Ele te dava dicas assim? Dicas, no sentido didático, não. Ele pegava um texto na mão e gritava: “Chita, tu é uma besta, caralho”. Qual era teu apelido? Chita. Ele me chamava Chita e dizia: “Você é louco, esse texto tá uma merda!”.
o instrumento didático que mais o Ibrahim usou foi o porrete E você consegue se achar nessa babilônia aí? Acho, hoje menos porque eu não tenho o manuseio diário da época que tinha quando fazia coluna diária, mas imagina que aí está minha vida e de muita gente.
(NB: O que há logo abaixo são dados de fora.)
(* Under the conical assumption (all dependent variables have vanishing covariant derivative in the radial direction $r$, measured from the cone apex), the steady compressible Euler equations in a 3D Euclidean space with coordinates $(\xi^1,\xi^2,r)$, where $r$ is orthogonal to the surface coordinates and has unit scale, reduce to the following system on the surface of the unit sphere: \begin{gather*} \frac{\partial}{\partial \xi^\beta}\left(\rho\sqrt{g}v^\beta\right) + 2\rho \sqrt{g}V^3 = 0,\\ \frac{\partial }{\partial\xi^\beta}\left(\sqrt{g}\left[\rho v^\alpha v^\beta + g^{\alpha\beta}P\right]\right) + \overset{(g)}{\Gamma}{}_{\gamma}{}^{\alpha}{}_{\nu}\,\sqrt{g}\left[\rho v^\gamma v^\nu+g^{\gamma\nu}P\right] + 3\rho\sqrt{g}v^\alpha V^3 = 0,\\ v^\alpha\frac{\partial V^3}{\partial \xi^\alpha} - q^2_c = 0,\\ \frac{\partial}{\partial \xi^\beta}\left( \sqrt{g}\left[\rho E+P\right] v^\beta \right) + 2\sqrt{g}\left[\rho E+P\right] V^3 =0. \end{gather*}
   Context: Einstein summation is used; Greek indices take values 1,2. $\rho$ is density, $v^\beta = r\tilde v^\beta$ are the rescaled (r-independent) surface velocity components, $V^3$ is the radial velocity component, $E=e+\frac12|\mathbf V|^2$ is total specific energy with $e$ the specific thermal energy, $P=P(\rho,e)$ the pressure, $g_{\alpha\beta}=\tilde g_{\alpha\beta}/r^2$ the metric of the unit sphere in arbitrary surface coordinates $\xi^\alpha$ (with $r$-dependence removed), $g^{\alpha\beta}$ its inverse, $g$ its determinant, $q_c=\sqrt{g_{\alpha\beta}v^\alpha v^\beta}$ the crossflow speed, and $\overset{(g)}{\Gamma}{}_{\gamma}{}^{\alpha}{}_{\nu}$ the Christoffel symbol (of the second kind, upper index $\alpha$, lower indices $\gamma,\nu$) of the metric $g_{\alpha\beta}$. The starting equations are the steady Euler equations in coordinate-free form: $(\rho\sqrt{G}V^j)_{|j}=0$, $(\sqrt{G}[\rho V^iV^j+G^{ij}P])_{|j}=0$, $(\sqrt{G}[\rho E+P]V^j)_{|j}=0$, with $G_{ij}$ the 3D metric and $(\cdot)_{|j}$ the covariant derivative. *)

From Stdlib Require Import Reals Lra.
From Coquelicot Require Import Coquelicot.
Open Scope R_scope.
Lemma branch_subset t t' s : f t t' -> f t' s -> s != t ->
  branch t' s \subset branch t t'.
Proof.
move=> ftt' ft's st; apply/bigcupsP=> r rs; apply: bag_sub_branch.
exact: subsetP (side_subset f_sym f_irr td_tree ftt' ft's st) _ rs.
Qed.

Lemma mem_two_branches t s1 s2 z : f t s1 -> f t s2 -> s1 != s2 ->
  z \in branch t s1 -> z \in branch t s2 -> z \in B t.
Proof.
move=> fts1 fts2 s12 z_br1 /bigcupP [r rs2 zr].
have rs1 : r \notin side f t s1.
  by apply: contra s12 => rs1; rewrite (side_uniq f_sym f_irr td_tree fts1 fts2 rs1 rs2).
by case: (mem_branch_cobranch fts1 z_br1 (subsetP (bag_sub_cobranch rs1) _ zr)).
Qed.

(* Deleting [c] from the torso at [t'] leaves only virtual edges whose branches avoid [z]. *)
Definition anchor t t' z c :=
  [/\ c \in B t', c \notin B t :&: B t', (z \in B t' -> z = c) &
      forall s, f t' s -> s != t -> c \notin B s -> z \notin branch t' s].

Lemma exists_anchor t t' z : f t t' -> ~ bond t' -> z \in branch t t' ->
  z \notin B t :&: B t' -> exists c, anchor t t' z c.
Proof.
move=> ftt' nbt' z_br z_adh; have [zt'|zt'] := boolP (z \in B t').
  exists z; split=> // s ft's st zs; apply/negP=> z_brs.
  have z_co := subsetP (bag_sub_cobranch (side_notin f_irr ft's)) _ zt'.
  by have [_ zs'] := mem_branch_cobranch ft's z_brs z_co; rewrite zs' in zs.
have [r rt zr] := bigcupP z_br; have rt' : r != t' by apply: contraNneq zt' => <-.
have [s0 ft's0 rs0] := side_cover td_tree rt'.
have s0t : s0 != t.
  by apply: contraTneq rs0 => ->; apply/negP=> /(sides_disjoint f_sym f_irr td_tree ftt' rt).
have [c c_adh0 c_adh] : exists2 c, c \in B t' :&: B s0 & c \notin B t :&: B t'.
  have ft't : f t' t by rewrite f_sym.
  apply/subsetPn; apply: contra (adhesions_distinct nbt' ft's0 ft't s0t) => sub.
  by rewrite eqEcard [B t' :&: B t]setIC sub !adhesion_card.
case/setIP: c_adh0 => ct' cs0; exists c; split=> // [/(negP zt')//|s ft's st cs].
apply: contra zt' => z_brs; apply: (mem_two_branches ft's ft's0 _ z_brs).
  by apply: contraNneq cs => ->.
exact: subsetP (bag_sub_branch rs0) _ zr.
Qed.
(* Let $n$ be a positive integer and $\mathbf a\in\mathbb N^n$. For each $\mathbf j\in\{0,1\}^n$ with $\chi(\mathbf a)\trianglerighteq_1\mathbf j$, there exists a unique vector $\mathbf b\in\mathbb N^n$ with $\chi(\mathbf b)=\mathbf j$ such that $\mathcal F_{H_\top(n)}(\mathbf a,\mathbf b)$ contains an unsplittable flow; moreover, in that case $\mathcal F_{H_\top(n)}(\mathbf a,\mathbf b)$ contains exactly one unsplittable flow. For all other vectors $\mathbf b\in\mathbb N^n$ (i.e. those for which $\chi(\mathbf a)\trianglerighteq_1\chi(\mathbf b)$ fails, or which are not this unique vector for $\mathbf j=\chi(\mathbf b)$), $\mathcal F_{H_\top(n)}(\mathbf a,\mathbf b)$ has no unsplittable flows.
   Context: $H_\top(n)$ is the directed graph with vertices $(i,-1),(i,0),(i,1)$ for $1\le i\le n$ and a vertex $s$, and arcs $((i,-1),(i,0))$ and $((i,0),(i,1))$ for $1\le i\le n$, $((i,0),(i+1,0))$ for $1\le i\le n-1$, and $((n,0),s)$. $\mathcal F_{H_\top(n)}(\mathbf a,\mathbf b)$ is the set of nonnegative real arc weightings such that at each vertex outflow minus inflow equals its netflow: $a_i$ at $(i,-1)$, $-b_i$ at $(i,1)$, $0$ at $(i,0)$, and $-\sum_ia_i+\sum_ib_i$ at $s$. An unsplittable flow is an integral flow in which no two unit trajectories split; equivalently, an integral flow in which every vertex has at most one outgoing arc with positive flow and no vertex with negative netflow has an outgoing arc with positive flow. $\chi(\mathbf v)_i=1$ if $v_i>0$, else $0$. Dominance $\mathbf v\trianglerighteq\mathbf w$: $\sum_{k\le i}v_k\ge\sum_{k\le i}w_k$ for all $i$. For $\mathbf v\trianglerighteq\mathbf w$ with $\chi(\mathbf v)\trianglerighteq\chi(\mathbf w)$, let $Z_{\mathbf v}=\{i:v_i=0\}$, $Z_{\mathbf w}=\{i:w_i=0\}$ and form the matching $M$ by repeatedly matching the largest unmatched $i'\in Z_{\mathbf v}$ to the largest unmatched element of $Z_{\mathbf w}$ that is $\le i'$; $\mathbf v\trianglerighteq_1\mathbf w$ means $\mathbf v\trianglerighteq\mathbf w$, $\chi(\mathbf v)\trianglerighteq\chi(\mathbf w)$ and $i-j\le1$ for all $(i,j)\in M$. *)

From HB Require Import structures.
From mathcomp Require Import all_boot all_order all_algebra.
From mathcomp Require Import reals.
Set Implicit Arguments. Unset Strict Implicit. Unset Printing Implicit Defensive.
Import Order.TTheory GRing.Theory Num.Theory.
Local Open Scope ring_scope.

Definition chi (n : nat) (v : 'I_n -> nat) : 'I_n -> nat :=
  fun i => nat_of_bool (0 < v i)%N.

Definition dom (n : nat) (v w : 'I_n -> nat) : Prop :=
  forall i : 'I_n,
    (\sum_(k < n | (k <= i)%N) w k <= \sum_(k < n | (k <= i)%N) v k)%N.

Definition zeros_dec (n : nat) (v : 'I_n -> nat) : seq nat :=
  rev [seq val i | i <- enum 'I_n & v i == 0%N].

(* Greedy matching: take the largest unmatched i' of Z_v (zv is decreasing)
   and match it to the largest unmatched element of Z_w that is <= i'.
   (If no such element exists -- which cannot happen under the standing
   hypothesis chi v |> chi w -- i' is left unmatched.) *)
Fixpoint gmatch (zv zw : seq nat) : seq (nat * nat) :=
  match zv with
  | [::] => [::]
  | i :: zv' =>
      let c := [seq j <- zw | (j <= i)%N] in
      if c is [::] then gmatch zv' zw
      else let j := (\max_(k <- c) k)%N in (i, j) :: gmatch zv' (rem j zw)
  end.

Definition matchM (n : nat) (v w : 'I_n -> nat) : seq (nat * nat) :=
  gmatch (zeros_dec v) (zeros_dec w).

Definition dom1 (n : nat) (v w : 'I_n -> nat) : Prop :=
  [/\ dom v w, dom (chi v) (chi w) &
      forall p, p \in matchM v w -> (p.1 - p.2 <= 1)%N].

(* Vertices: None = s ; Some (i, k) = (i+1, k-1) in the paper's notation
   (i : 'I_n is 0-based, k : 'I_3 encodes -1, 0, 1 as 0, 1, 2). *)
Definition Hvert (n : nat) : finType := option ('I_n * 'I_3)%type.
(* Let $k\ge2$, let $M$ be a $k$-permutable monoid and let $L\in\mathfrak{L}_{Rat}(M)$. Then there exists a positive integer $m$ such that for every word $w\in L$ with $|w|\ge m$ and every factorization $w=w_1w_2\cdots w_m$ with $|w_i|\ge 1$ for $1\le i\le m$, there exist integers $0\le i_0<i_1<\cdots<i_k<i_{k+1}\le m$ such that $w=\lambda W_1W_2\cdots W_k\mu$, where $\lambda=w_1\cdots w_{i_0}$ (empty if $i_0=0$), $\mu=w_{i_{k+1}}\cdots w_m$ (empty if $i_{k+1}=m$), and $W_j=w_{1+i_{j-1}}\cdots w_{i_j}$ for $j=1,\dots,k$, and there is a permutation $\sigma$ of $\{1,\dots,k\}$, different from the identity, such that the word $\lambda W_{\sigma(1)}W_{\sigma(2)}\cdots W_{\sigma(k)}\mu$ belongs to $L$.
   Context: A monoid $M$ is $k$-permutable if for all $s_1,\dots,s_k\in M$ there is a permutation $\sigma\neq\mathrm{id}$ of $\{1,\dots,k\}$ with $s_1\cdots s_k=s_{\sigma(1)}\cdots s_{\sigma(k)}$. An $M$-automaton is a tuple $(Q,\Sigma,M,\delta,q_0,Q_a)$ with finite state set, input alphabet $\Sigma$, initial state $q_0$, accept states $Q_a$, and $\delta: Q\times(\Sigma\cup\{\varepsilon\})\to\mathbb{P}(Q\times M)$ finite-valued; $(q',m)\in\delta(q,\sigma)$ means reading $\sigma$ in state $q$ it may go to $q'$ and multiply the register on the right by $m$. A rational monoid automaton over $M$ is an $M$-automaton with rational subsets $I_0,I_1\subseteq M$ (closure of finite subsets under union, product, Kleene star); $w$ is accepted if some computation reading $w$ from $q_0$ to an accept state has register product $x$ with $x_0x\in I_1$ for some $x_0\in I_0$. $\mathfrak{L}_{Rat}(M)$ is the family of languages so accepted. *)

From mathcomp Require Import all_boot all_fingroup.
Set Implicit Arguments. Unset Strict Implicit. Unset Printing Implicit Defensive.

(* propositional list membership (no decidable equality needed) *)
Fixpoint lIn (A : Type) (a : A) (l : list A) : Prop :=
  match l with nil => False | cons b l' => b = a \/ lIn a l' end.

Section Monoids.
Variables (M : Type) (mul : M -> M -> M) (one : M).

Definition is_monoid : Prop :=
  (forall x y z, mul x (mul y z) = mul (mul x y) z) /\
  (forall x, mul one x = x) /\ (forall x, mul x one = x).

Definition mprod (s : seq M) : M := foldr mul one s.

Definition k_permutable (k : nat) : Prop :=
  forall s : 'I_k -> M, exists sigma : 'S_k,
    sigma != 1%g /\
    mprod [seq s j | j <- enum 'I_k] = mprod [seq s (sigma j) | j <- enum 'I_k].

Inductive ratexp : Type :=
| RFin of list M
| RUnion of ratexp & ratexp
| RProd of ratexp & ratexp
| RStar of ratexp.

Fixpoint rat_den (e : ratexp) : M -> Prop :=
  match e with
  | RFin s => fun x => lIn x s
  | RUnion e1 e2 => fun x => rat_den e1 x \/ rat_den e2 x
  | RProd e1 e2 => fun x => exists a b, rat_den e1 a /\ rat_den e2 b /\ x = mul a b
  | RStar e1 => fun x => exists l : list M,
                   (forall a, lIn a l -> rat_den e1 a) /\ x = mprod l
  end.

Definition rational_subset (A : M -> Prop) : Prop :=
  exists e : ratexp, forall x, A x <-> rat_den e x.

(* M-automaton with finite state set Q over alphabet Sigma;
   delta q None are epsilon-moves, delta returns a finite list *)
Variables (Sigma : finType) (Q : finType)
          (delta : Q -> option Sigma -> list (Q * M)).

(* run q w x q' : from q reading w, reaching q' with register product x
   (register starts at one and is multiplied on the right) *)
Inductive run : Q -> seq Sigma -> M -> Q -> Prop :=
| run_nil q : run q [::] one q
| run_letter q a q1 m w x q2 :
    lIn (q1, m) (delta q (Some a)) -> run q1 w x q2 -> run q (a :: w) (mul m x) q2
| run_eps q q1 m w x q2 :
    lIn (q1, m) (delta q None) -> run q1 w x q2 -> run q w (mul m x) q2.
O Ibrahim me trouxe todo esse ensino, a sintetizar o texto, a ser objetivo na conversa com uma fonte, a não cair em lorota ou tentar não cair, aprendi muita coisa com ele. Mas eu digo o seguinte: o instrumento didático que mais o Ibrahim usou foi o porrete. O que ele dava de esporro!! Eu nunca vi o Ibrahim elogiar uma nota que eu tenha feito, nos 13, quase 14 anos que eu trabalhei com ele. E quer saber? Não acho que tenha me feito falta, hoje eu sou muito grato ao turco, muito grato, tive a oportunidade de expressar essa minha gratidão várias vezes depois que sai de lá. Agora, até sair de lá...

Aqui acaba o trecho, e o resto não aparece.